To już kolejna uszkodzona felga w tym roku. I kolejny wydatek - złości się Jarosław Moryl, kierowca ze Stasina. Wraz z wiosną spod śniegu wyłania się dziurawa prawda o naszych drogach. Dziś zaczynamy akcję wybierz "Miss Dziur”.
- Jest tyle dziur, że trudno wszystkie ominąć. Chwila nieuwagi i po feldze. Jak się nie uda wyprostować, to trzeba będzie kupić nową - dodaje Jarosław Moryl.
- Prostowanie felgi, w zależności od uszkodzenia, kosztuje od 100 do 200 złotych.

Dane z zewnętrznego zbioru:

(* Let $M=T^*\mathbb{T}^2=\{(\phi,\theta,s,t):\phi,\theta\in\mathbb{R}/\pi\mathbb{Z},\ s,t\in\mathbb{R}\}$, $Z=\{\phi=0\}$, and let $\omega_1=\frac{1}{\sin^2\phi}d\phi\wedge d\theta+ds\wedge dt$ and $\omega_2=\frac1{\sin^2\phi}d\phi\wedge ds+d\theta\wedge dt$. Then the symplectic manifolds $(M\setminus Z,\omega_1)$ and $(M\setminus Z,\omega_2)$ are symplectomorphic. *)

From HB Require Import structures.
From mathcomp Require Import all_boot all_order all_algebra.
From mathcomp Require Import all_classical all_reals all_analysis.
Set Implicit Arguments. Unset Strict Implicit. Unset Printing Implicit Defensive.
Import Order.TTheory GRing.Theory Num.Theory.
Import numFieldNormedType.Exports.
Local Open Scope ring_scope.

(* Coordinates on R^4: index 0 = phi, 1 = theta, 2 = s, 3 = t.
   M = T^* T^2 = R^4 / Lambda with Lambda = pi Z x pi Z x 0 x 0.
   M \ Z is the quotient of the open set U = {x | x_0 notin pi Z} by Lambda. *)

Section Defs.
Variable R : realType.

Definition i0 : 'I_4 := inord 0.
Definition i1 : 'I_4 := inord 1.
Definition i2 : 'I_4 := inord 2.
Definition i3 : 'I_4 := inord 3.

Definition ebasis (i : 'I_4) : 'rV[R]_4 := delta_mx ord0 i.

Definition inLattice (v : 'rV[R]_4) : Prop :=
  exists a b : int, [/\ v ord0 i0 = a%:~R * pi, v ord0 i1 = b%:~R * pi,
                        v ord0 i2 = 0 & v ord0 i3 = 0].

Definition Uset (x : 'rV[R]_4) : Prop := forall k : int, x ord0 i0 != k%:~R * pi.

Fixpoint ideriv (vs : seq 'I_4) (f : 'rV[R]_4 -> 'rV[R]_4) : 'rV[R]_4 -> 'rV[R]_4 :=
  match vs with
  | [::] => f
  | i :: vs' => fun x => derive (ideriv vs' f) x (ebasis i)
  end.

Definition smooth_on (U : 'rV[R]_4 -> Prop) (f : 'rV[R]_4 -> 'rV[R]_4) : Prop :=
  forall (vs : seq 'I_4) (x : 'rV[R]_4), U x ->
    {for x, continuous (ideriv vs f)} /\
    forall i : 'I_4, derivable (ideriv vs f) x (ebasis i).

Definition omega1 (x u v : 'rV[R]_4) : R :=
  (u ord0 i0 * v ord0 i1 - u ord0 i1 * v ord0 i0) / (sin (x ord0 i0)) ^+ 2
  + (u ord0 i2 * v ord0 i3 - u ord0 i3 * v ord0 i2).

Definition omega2 (x u v : 'rV[R]_4) : R :=
  (u ord0 i0 * v ord0 i2 - u ord0 i2 * v ord0 i0) / (sin (x ord0 i0)) ^+ 2
  + (u ord0 i1 * v ord0 i3 - u ord0 i3 * v ord0 i1).

(* F : R^4 -> R^4 is a lift of a smooth self-map of U/Lambda *)
Definition lift_map (F : 'rV[R]_4 -> 'rV[R]_4) : Prop :=
  [/\ smooth_on Uset F,
      (forall x, Uset x -> Uset (F x)) &
      (forall x l, Uset x -> inLattice l -> inLattice (F (x + l) - F x))].

(* F, G lift mutually inverse smooth maps of M \ Z, i.e. a diffeomorphism,
   and F pulls omega_2 back to omega_1 *)
Definition symplectomorphism_12 (F G : 'rV[R]_4 -> 'rV[R]_4) : Prop :=
  [/\ lift_map F, lift_map G,
      (forall x, Uset x -> inLattice (G (F x) - x)),
      (forall y, Uset y -> inLattice (F (G y) - y)) &
      (forall x, Uset x -> forall i j : 'I_4,
          omega2 (F x) (derive F x (ebasis i)) (derive F x (ebasis j))
          = omega1 x (ebasis i) (ebasis j))].

End Defs.

From HB Require Import structures.
From mathcomp Require Import all_boot all_order all_algebra.
From mathcomp Require Import all_classical all_reals all_analysis.
From mathcomp Require Import ring lra zify.
Set Implicit Arguments. Unset Strict Implicit. Unset Printing Implicit Defensive.
Import Order.TTheory GRing.Theory Num.Theory.
Import numFieldNormedType.Exports.
Local Open Scope ring_scope.
Local Open Scope classical_set_scope.

(* The symplectomorphism is explicit:
     F (phi, theta, s, t) = (pi/2 + atan s, theta, t, cot phi),
     G (phi, theta, s, t) = (pi/2 - atan t, theta, - cot phi, s).
   Since sin^2 (pi/2 + atan s) = 1/(1 + s^2) and d(pi/2 + atan s) = ds/(1+s^2),
   F^* omega_2 = ds/\dt + dtheta/\d(cot phi) = omega_1; G inverts F up to
   shifting phi by a multiple of pi. *)

Section OneVariable.
Variable R : realType.
Implicit Types (D : set R) (g : R -> R).

Definition smooth1 D g :=
  exists gs : nat -> R -> R, gs 0%N = g /\
    forall n y, D y -> is_derive y 1 (gs n) (gs n.+1 y).

Lemma smooth1_from_derive D g g' :
  (forall y, D y -> is_derive y 1 g (g' y)) -> smooth1 D g' -> smooth1 D g.
Proof.
move=> dg [gs [gs0 dgs]].
exists (fun n => if n is m.+1 then gs m else g); split => // -[|n] y Dy /=.
  by rewrite gs0; apply: dg.
exact: dgs.
Qed.

Lemma is_derive_addl g (c y d : R) : is_derive y 1 g d ->
  is_derive y 1 (fun z => c + g z) d.
Proof.
move=> dg; have := is_deriveD (is_derive_cst c y 1) dg.
have -> : cst c + g = (fun z => c + g z) by apply/funext.
by move/is_derive_eq; apply; rewrite add0r.
Qed.

Lemma smooth1_addl D g (c : R) : smooth1 D g -> smooth1 D (fun z => c + g z).
Proof.
move=> [gs [gs0 dgs]]; exists (fun n => if n is 0 then (fun z => c + g z) else gs n).
split => // -[|n] y Dy /=; last exact: dgs.
by rewrite -gs0; exact: (is_derive_addl c (dgs 0%N y Dy)).
Qed.

Lemma smooth1_opp D g : smooth1 D g -> smooth1 D (fun z => - g z).
Proof.
move=> [gs [gs0 dgs]]; exists (fun n z => - gs n z); split => [|n y Dy].
  by rewrite gs0.
exact: is_deriveN (dgs n y Dy).
Qed.

(* If b solves the autonomous equation b' = r(b) on D, every rational
   expression p(b)/q(b) with q(b) nonvanishing on D is smooth on D: its
   derivative is again of this form, with numerator (p'q - pq')r and
   denominator q^2. *)
Definition rational_step (r : {poly R}) (pq : {poly R} * {poly R}) :=
  ((pq.1^`() * pq.2 - pq.1 * pq.2^`()) * r, pq.2 * pq.2).

Lemma smooth1_rational D (b : R -> R) (r p q : {poly R}) :
  (forall y, D y -> is_derive y 1 b r.[b y]) ->
  (forall y, D y -> q.[b y] != 0) ->
  smooth1 D (fun y => p.[b y] / q.[b y]).
Proof.
move=> db qb0.
pose pq n := iter n (rational_step r) (p, q).
have den0 n y : D y -> (pq n).2.[b y] != 0.
  elim: n => [|n IH] Dy; first exact: qb0.
  by rewrite /pq iterS /= hornerM mulf_neq0 // IH.
exists (fun n y => (pq n).1.[b y] / (pq n).2.[b y]); split => // n y Dy.
set P := (pq n).1; set Q := (pq n).2.
have dP : is_derive y 1 (horner P \o b) (P^`().[b y] * r.[b y]).
  by apply: is_derive1_comp => //; exact: db.
have dQ : is_derive y 1 (horner Q \o b) (Q^`().[b y] * r.[b y]).
  by apply: is_derive1_comp => //; exact: db.
have := is_deriveM dP (is_deriveV (f := horner Q \o b) (den0 n y Dy) dQ).
have -> : (horner P \o b) * (fun z => ((horner Q \o b) z)^-1) =
          (fun z => P.[b z] / Q.[b z]) by apply/funext.
move/is_derive_eq; apply.
rewrite /pq iterS -/(pq n) /rational_step /= -/P -/Q !hornerE /=.
rewrite -![_ *: _]/(_ * _); move: (den0 n y Dy); rewrite -/Q => Q0.
by field.
Qed.

Lemma smooth1_id D : smooth1 D id.
Proof.
have := @smooth1_rational D id 1 'X 1.
have -> : (fun y => 'X.[id y] / (1 : {poly R}).[id y]) = id.
  by apply/funext => y; rewrite hornerX hornerC divr1.
by apply => y _; rewrite hornerC ?oner_neq0 //; exact: is_derive_id.
Qed.

Lemma onePsqr_neq0 (y : R) : 1 + y ^+ 2 != 0.
Proof. by apply: lt0r_neq0; have := sqr_ge0 y; lra. Qed.

(* atan' = 1 / (1 + y^2) is a rational function of the identity. *)
Lemma smooth1_atan D : smooth1 D atan.
Proof.
apply: (smooth1_from_derive (fun y _ => is_derive1_atan y)).
have := @smooth1_rational D id 1 1 ('X^2 + 1).
have -> : (fun y => (1 : {poly R}).[id y] / ('X^2 + 1 : {poly R}).[id y])
          = (fun y => (1 + y ^+ 2)^-1).
  by apply/funext => y; rewrite !hornerE addrC.
apply=> y _; rewrite !hornerE; first exact: is_derive_id.
by rewrite addrC onePsqr_neq0.
Qed.

Definition cot (y : R) := cos y / sin y.

Lemma is_derive_cot y : sin y != 0 -> is_derive y 1 cot (- (1 + cot y ^+ 2)).
Proof.
move=> s0; have := is_deriveM (is_derive_cos y) (is_deriveV s0 (is_derive_sin y)).
have -> : cos * (fun z => (sin z)^-1) = cot by apply/funext.
move/is_derive_eq; apply; rewrite -![_ *: _]/(_ * _) /cot.
by move: s0; set s := sin y; set c := cos y => s0; field.
Qed.

(* cot solves the autonomous equation cot' = -(1 + cot^2). *)
Lemma smooth1_cot : smooth1 [set y | sin y != 0] cot.
Proof.
have := @smooth1_rational [set y | sin y != 0] cot (- (1 + 'X^2)) 'X 1.
have -> : (fun y => 'X.[cot y] / (1 : {poly R}).[cot y]) = cot.
  by apply/funext => y; rewrite hornerX hornerC divr1.
apply=> y; last by rewrite hornerC oner_neq0.
by rewrite !hornerE; exact: is_derive_cot.
Qed.

End OneVariable.

Section TrigModPi.
Variable R : realType.
Implicit Types (x y z w : R).

Lemma periodicz (f : R -> R) (T : R) : periodic f T ->
  forall (k : int) x, f (x + T *~ k) = f x.
Proof.
move=> fT [] n x; first exact: periodicn.
by rewrite NegzE mulrNz -[in RHS](subrK (T *+ n.+1) x) periodicn.
Qed.

Lemma cot_periodic : periodic (@cot R) pi.
Proof. by move=> x; rewrite /cot sinDpi cosDpi invrN mulrNN. Qed.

Do tego należy doliczyć koszt przeciętej opony, co często się zdarza. A to już jest kwota sięgająca czasami 600-700 złotych - dodaje Izabela Gębka.
W naszym województwie jest kilka tysięcy kilometrów dróg. Są zarządzane przez Główną Dyrekcję Dróg Krajowych, Zarząd Dróg Wojewódzkich oraz powiaty i gminy.
- W najgorszym stanie są podrzędne drogi powiatowe i gminne. Samorządy najniższego szczebla nie mają pieniędzy na remonty. Po tych drogach czasami trudno przejechać. Dobry przykład to podjazd pod górkę w Pliszczynie w gm. Wólka - dodaje Waldemar Czerniak z Polskiego Związku Motorowego w Lublinie. - Przypomnę, że za wszelkie szkody z powodu złego stanu nawierzchni odpowiada zarządca drogi. Niestety, kierowcy nie zawszę wiedzą, do kogo skierować roszczenie.
Poza stratami materialnymi, dziury mogą być także przyczyną groźnych wypadków. - Zbyt gwałtowne omijanie, hamowanie - to może doprowadzić do tragedii na drodze - dodaje Arkadiusz Kalita z lubelskiej drogówki.